▶ **ABOUT THIS EXERCISE**
From the records below, output exactly the lines running from the line containing "(J != set0) &&" through the line containing "equivalent system in", and no others.

[Stored data]
(* Let $n,m\ge 1$, let $A=(a_1,\ldots,a_m)$ be a real $n\times m$ matrix with $a_i\neq 0$ for all $i$, and let $b=(b_1,\ldots,b_m)^\top\in\mathbb{R}^m$ be such that $K=\{x\in\mathbb{R}^n \mid A^\top x\le b\}$ is nonempty. For $\varepsilon\ge 0$ put $b_i(\varepsilon)=b_i+\varepsilon^i$ (so $b_i(0)=b_i$), $H_i(\varepsilon)=\{x\mid a_i^\top x\le b_i(\varepsilon)\}$, $\partial H_i(\varepsilon)=\{x\mid a_i^\top x= b_i(\varepsilon)\}$, $K(\varepsilon)=\bigcap_{i=1}^m H_i(\varepsilon)$, $F_i(\varepsilon)=\partial H_i(\varepsilon)\cap K(\varepsilon)$, and $\mathcal{F}(\varepsilon)=\{J\subseteq\{1,\ldots,m\}\mid J\neq\emptyset,\ \bigcap_{i\in J}F_i(\varepsilon)\neq\emptyset\}$. Let $\mathcal{F}=\mathcal{F}(0)$, and let $\mathcal{F}(0+)$ denote the common value of $\mathcal{F}(\varepsilon)$ for all sufficiently small $\varepsilon>0$ (which is known to exist). Then $\mathcal{F}\supseteq\mathcal{F}(0+)$; consequently $|\mathcal{F}|\ge|\mathcal{F}(0+)|$. *)

From HB Require Import structures.
From mathcomp Require Import all_boot all_order all_algebra.
From mathcomp Require Import boolp reals.
Set Implicit Arguments. Unset Strict Implicit. Unset Printing Implicit Defensive.
Import Order.TTheory GRing.Theory Num.Theory.
Local Open Scope ring_scope.

(* Perturbed right-hand side b_i(eps) = b_i + eps^i, with paper index i = val i + 1
   (ordinals 'I_m are 0-based). *)
Definition beps (R : realType) (m : nat) (b : 'cV[R]_m) (eps : R) (i : 'I_m) : R :=
  b i 0 + eps ^+ i.+1.

Definition inK (R : realType) (n m : nat) (A : 'M[R]_(n, m)) (b : 'cV[R]_m)
  (eps : R) (x : 'cV[R]_n) : Prop :=
  forall i : 'I_m, (A^T *m x) i 0 <= beps b eps i.

Definition inFace (R : realType) (n m : nat) (A : 'M[R]_(n, m)) (b : 'cV[R]_m)
  (eps : R) (i : 'I_m) (x : 'cV[R]_n) : Prop :=
  (A^T *m x) i 0 = beps b eps i /\ inK A b eps x.

Definition faceFam (R : realType) (n m : nat) (A : 'M[R]_(n, m)) (b : 'cV[R]_m)
  (eps : R) : {set {set 'I_m}} :=
  [set J : {set 'I_m} | (J != set0) &&
     `[< exists x : 'cV[R]_n, forall i, i \in J -> inFace A b eps i x >]].

(* If J is in F(0+), the system  A^T x <= b,  a_i^T x >= b_i (i in J)
   becomes feasible once every right-hand side is relaxed by an arbitrary
   eps > 0: take a point of the intersection of the faces F_i(e) for a small
   e, since e^i <= e <= eps.  Feasibility of a finite linear system survives
   this limit: eliminating one variable by Fourier-Motzkin yields an
   equivalent system in fewer variables whose right-hand sides are
   nonnegative combinations of the old ones, so the relaxation persists and
   everything reduces to  0 <= c + eps w  for all eps > 0. *)
From HB Require Import structures.
From mathcomp Require Import all_boot all_order all_algebra.
From mathcomp Require Import boolp reals.
From mathcomp Require Import ring lra.
Set Implicit Arguments. Unset Strict Implicit. Unset Printing Implicit Defensive.
Import Order.TTheory GRing.Theory Num.Theory.
Local Open Scope ring_scope.

Lemma exists_between_seq (R : realDomainType) (L U : seq R) :
  (forall l u, l \in L -> u \in U -> l <= u) ->
  exists t, (forall l, l \in L -> l <= t) /\ (forall u, u \in U -> t <= u).
Proof.
elim: L => [|l L IH] leLU.
  clear leLU; elim: U => [|u U [t [_ leU]]]; first by exists 0; split.
  exists (Num.min t u); split=> // v; rewrite inE => /orP[/eqP->|/leU].
    by rewrite ge_min lexx orbT.
  by rewrite ge_min => ->.
have [t [leL leU]] : exists t, (forall l, l \in L -> l <= t) /\
                               (forall u, u \in U -> t <= u).
  by apply: IH => l' u hl hu; rewrite leLU // inE hl orbT.
exists (Num.max t l); split=> [l'|u hu].
  by rewrite inE le_max => /orP[/eqP->|/leL->]; rewrite ?lexx ?orbT.
by rewrite ge_max leU //= leLU ?mem_head.
Qed.

Lemma ge0_relaxed (R : realFieldType) (c w : R) : 0 <= w ->
  (forall eps, 0 < eps -> 0 <= c + eps * w) -> 0 <= c.
Proof.
move=> w_ge0 relax; rewrite leNgt; apply/negP => c_lt0.
have eps_gt0 : 0 < - c / (w + 1) by apply: divr_gt0; lra.
have := relax _ eps_gt0.
have -> : c + - c / (w + 1) * w = c / (w + 1) by field; lra.
by rewrite pmulr_lge0 ?invr_gt0; lra.
Qed.

Section FourierMotzkin.
Variables (R : realFieldType) (I : finType) (l : I -> R).

(* Eliminating t from the constraints  v_k + l_k t <= c_k  keeps those with
   l_k = 0 and combines each pair with l_p > 0 > l_q so that t cancels; the
   remaining indices give the trivial combination 0. *)
Definition fm_comb (v : I -> R) (z : I + I * I) : R :=
  match z with
  | inl k => if l k == 0 then v k else 0
  | inr (p, q) => if (0 < l p) && (l q < 0) then l p * v q - l q * v p else 0
  end.

Lemma fm_comb_affine (c w : I -> R) (e : R) z :
  fm_comb (fun k => c k + e * w k) z = fm_comb c z + e * fm_comb w z.
Proof. by case: z => [k|[p q]] /=; case: ifP => _; ring. Qed.

Lemma fm_comb_sum n (v : I -> 'I_n -> R) (x : 'I_n -> R) z :
  \sum_j fm_comb (v^~ j) z * x j = fm_comb (fun k => \sum_j v k j * x j) z.
Proof.
case: z => [k|[p q]] /=; case: ifP => // _; try by rewrite big1 // => j _; rewrite mul0r.
by rewrite !mulr_sumr -sumrB; apply: eq_bigr => j _; ring.
Qed.

Lemma fm_elimP (s c : I -> R) :
  (exists t, forall k, s k + l k * t <= c k) <->
  (forall z, fm_comb s z <= fm_comb c z).
Proof.
split=> [[t le_sc] [k|[p q]] /=|le_comb].
- by case: ifP => [/eqP l0|_]; rewrite ?lexx //; have := le_sc k; rewrite l0; lra.
- case: ifP => [/andP[lp_gt0 lq_lt0]|_]; rewrite ?lexx //.
  have := le_sc p; have := le_sc q; nra.
pose lo := [seq (c q - s q) / l q | q <- enum I & l q < 0].
pose up := [seq (c p - s p) / l p | p <- enum I & 0 < l p].
have divK k : l k != 0 -> l k * ((c k - s k) / l k) = c k - s k.
  by move=> lk0; rewrite mulrC divfK.
have [t [le_lo le_up]] : exists t, (forall x, x \in lo -> x <= t) /\
                                   (forall x, x \in up -> t <= x).
  apply: exists_between_seq => _ _ /mapP[q] + -> /mapP[p] +->.
  rewrite !mem_filter => /andP[lq_lt0 _] /andP[lp_gt0 _].
  have := le_comb (inr (p, q)); rewrite /= lp_gt0 lq_lt0 /=.
  have := divK q (ltr0_neq0 lq_lt0); have := divK p (lt0r_neq0 lp_gt0).
  have : 0 < l p * - l q by apply: mulr_gt0; lra.
  set xp := _ / l p; set xq := _ / l q; nra.
exists t => k; have [lk_lt0|lk_gt0|lk0] := ltrgtP (l k) 0.
- have : (c k - s k) / l k <= t.
    by apply: le_lo; apply/mapP; exists k; rewrite // mem_filter lk_lt0 mem_enum.
  have := divK k (ltr0_neq0 lk_lt0); set x := _ / l k; nra.
- have : t <= (c k - s k) / l k.
    by apply: le_up; apply/mapP; exists k; rewrite // mem_filter lk_gt0 mem_enum.
  have := divK k (lt0r_neq0 lk_gt0); set x := _ / l k; nra.
- by have := le_comb (inl k); rewrite /= lk0 eqxx mul0r addr0.
Qed.

Lemma fm_comb_ge0 (w : I -> R) z : (forall k, 0 <= w k) -> 0 <= fm_comb w z.
Proof.
move=> w_ge0; have <- : fm_comb (fun=> 0) z = 0.
  by case: z => [k|[p q]] /=; case: ifP => _; ring.
by move: z; apply/fm_elimP; exists 0 => k; rewrite mulr0 addr0.
Qed.

End FourierMotzkin.

Definition feasible (R : realFieldType) (I : finType) n
    (a : I -> 'I_n -> R) (c : I -> R) : Prop :=
  exists x : 'I_n -> R, forall k, \sum_j a k j * x j <= c k.

Lemma feasible_relaxed (R : realFieldType) (I : finType) n
    (a : I -> 'I_n -> R) (c w : I -> R) :
  (forall k, 0 <= w k) ->
  (forall eps, 0 < eps -> feasible a (fun k => c k + eps * w k)) ->
  feasible a c.
Proof.
elim: n I a c w => [|n IH] I a c w w_ge0 relax.
  exists (fun=> 0) => k; rewrite big_ord0.
  by apply: (ge0_relaxed (w_ge0 k)) => eps /relax[x /(_ k)]; rewrite big_ord0.
pose l k := a k ord_max; pose a' k j := a k (lift ord_max j).
have sum_split x k : \sum_j a k j * x j =
    \sum_j a' k j * x (lift ord_max j) + l k * x ord_max.
  rewrite big_ord_recr; congr (_ + _); apply: eq_bigr => j _.
  by have -> : widen_ord (leqnSn n) j = lift ord_max j by apply/val_inj/esym/lift_max.
have [x' sol'] : feasible (fun z j => fm_comb l (a'^~ j) z) (fm_comb l c).
  apply: (IH _ _ _ (fm_comb l w)) => [z|eps /relax[x sol]].
    exact: fm_comb_ge0.
  exists (fun j => x (lift ord_max j)) => z; rewrite fm_comb_sum -fm_comb_affine.
  by move: z; apply/fm_elimP; exists (x ord_max) => k; rewrite -sum_split.
have /fm_elimP[t solt] : forall z,
    fm_comb l (fun k => \sum_j a' k j * x' j) z <= fm_comb l c z.
  by move=> z; rewrite -fm_comb_sum.
exists (fun j => if unlift ord_max j is Some j' then x' j' else t) => k.
rewrite sum_split unlift_none; under eq_bigr => j _ do rewrite liftK.
exact: solt.
Qed.

Lemma mulmx_trmx_coef (R : pzRingType) n m (A : 'M[R]_(n, m)) (x : 'cV[R]_n) i :
  (A^T *m x) i 0 = \sum_j A j i * x j 0.
Proof. by rewrite mxE; apply: eq_bigr => j _; rewrite !mxE. Qed.

Lemma faceFam0_of_small_eps (R : realType) n m (A : 'M[R]_(n, m))
    (b : 'cV[R]_m) (J : {set 'I_m}) :
  (forall eps, 0 < eps -> exists2 e, 0 < e <= eps & J \in faceFam A b e) ->
  J \in faceFam A b 0.
Proof.
move=> small.
have J0 : J != set0 by have [e _] := small 1 ltr01; rewrite inE => /andP[].
pose a z j := match z with
  | inl i => A j i | inr i => if i \in J then - A j i else 0 end.
pose c z := match z with
  | inl i => b i 0 | inr i => if i \in J then - b i 0 else 0 end.
have [x sol] : feasible a c.
  apply: (@feasible_relaxed _ _ _ _ _ (fun=> 1)) => [_|eps eps_gt0].
    exact: ler01.
  have [e /andP[e_gt0 le_e]] : exists2 e, 0 < e <= Num.min eps 1 &
      J \in faceFam A b e by apply: small; rewrite lt_min eps_gt0 ltr01.
  rewrite inE J0 => /asboolP[x face].
  have /andP[le_e_eps le_e1] : (e <= eps) && (e <= 1) by rewrite -le_min.
  have pow_le i : e ^+ i.+1 <= eps.
    apply: (le_trans _ le_e_eps); rewrite -[leRHS]expr1.
    exact: (ler_wiXn2l (ltW e_gt0) le_e1 (ltn0Sn i)).
  have xK : inK A b e x by case/set0Pn: J0 => i /face[].
  exists (fun j => x j 0) => -[i|i] /=.
    by have := xK i; rewrite /beps mulmx_trmx_coef; have := pow_le i; lra.
  case: ifP => iJ; last by rewrite big1 ?mulr1 ?add0r ?ltW // => j _; rewrite mul0r.
  have [+ _] := face i iJ; rewrite /beps mulmx_trmx_coef.
  under [X in _ -> X <= _]eq_bigr do rewrite mulNr.
  rewrite sumrN; have := exprn_ge0 i.+1 (ltW e_gt0); lra.
have coefE i : (A^T *m \col_j x j) i 0 = \sum_j A j i * x j.
  by rewrite mulmx_trmx_coef; apply: eq_bigr => j _; rewrite mxE.
have beps0 i : beps b 0 i = b i 0 by rewrite /beps expr0n addr0.
have xK : inK A b 0 (\col_j x j) by move=> i; rewrite coefE beps0; exact: sol (inl i).
rewrite inE J0; apply/asboolP; exists (\col_j x j) => i iJ; split=> //.
rewrite coefE beps0; apply/eqP; rewrite eq_le (sol (inl i)) /= -lerN2 -sumrN.
have := sol (inr i); rewrite /= iJ.
by under eq_bigr do rewrite mulNr.
Qed.

Theorem lemma2 (R : realType) (n m : nat) (A : 'M[R]_(n, m)) (b : 'cV[R]_m)
    (F0plus : {set {set 'I_m}}) :
  (0 < n)%N -> (0 < m)%N ->
  (forall i : 'I_m, col i A != 0) ->
  (exists x : 'cV[R]_n, inK A b 0 x) ->
  (exists2 d : R, 0 < d & forall eps : R, 0 < eps -> eps < d ->
      faceFam A b eps = F0plus) ->
  F0plus \subset faceFam A b 0 /\ (#|F0plus| <= #|faceFam A b 0|)%N.
Proof.
move=> _ _ _ _ [d d_gt0 F0plusE].
suff sub : F0plus \subset faceFam A b 0 by split; last exact: subset_leq_card.
apply/subsetP => J JF; apply: faceFam0_of_small_eps => eps eps_gt0.
have e_gt0 : 0 < Num.min eps (d / 2) by rewrite lt_min eps_gt0 /=; lra.
exists (Num.min eps (d / 2)); first by rewrite e_gt0 ge_min lexx.
by rewrite F0plusE // gt_min; apply/orP; right; lra.
Qed.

▶ **TASK ANSWER**
  [set J : {set 'I_m} | (J != set0) &&
     `[< exists x : 'cV[R]_n, forall i, i \in J -> inFace A b eps i x >]].

(* If J is in F(0+), the system  A^T x <= b,  a_i^T x >= b_i (i in J)
   becomes feasible once every right-hand side is relaxed by an arbitrary
   eps > 0: take a point of the intersection of the faces F_i(e) for a small
   e, since e^i <= e <= eps.  Feasibility of a finite linear system survives
   this limit: eliminating one variable by Fourier-Motzkin yields an
   equivalent system in fewer variables whose right-hand sides are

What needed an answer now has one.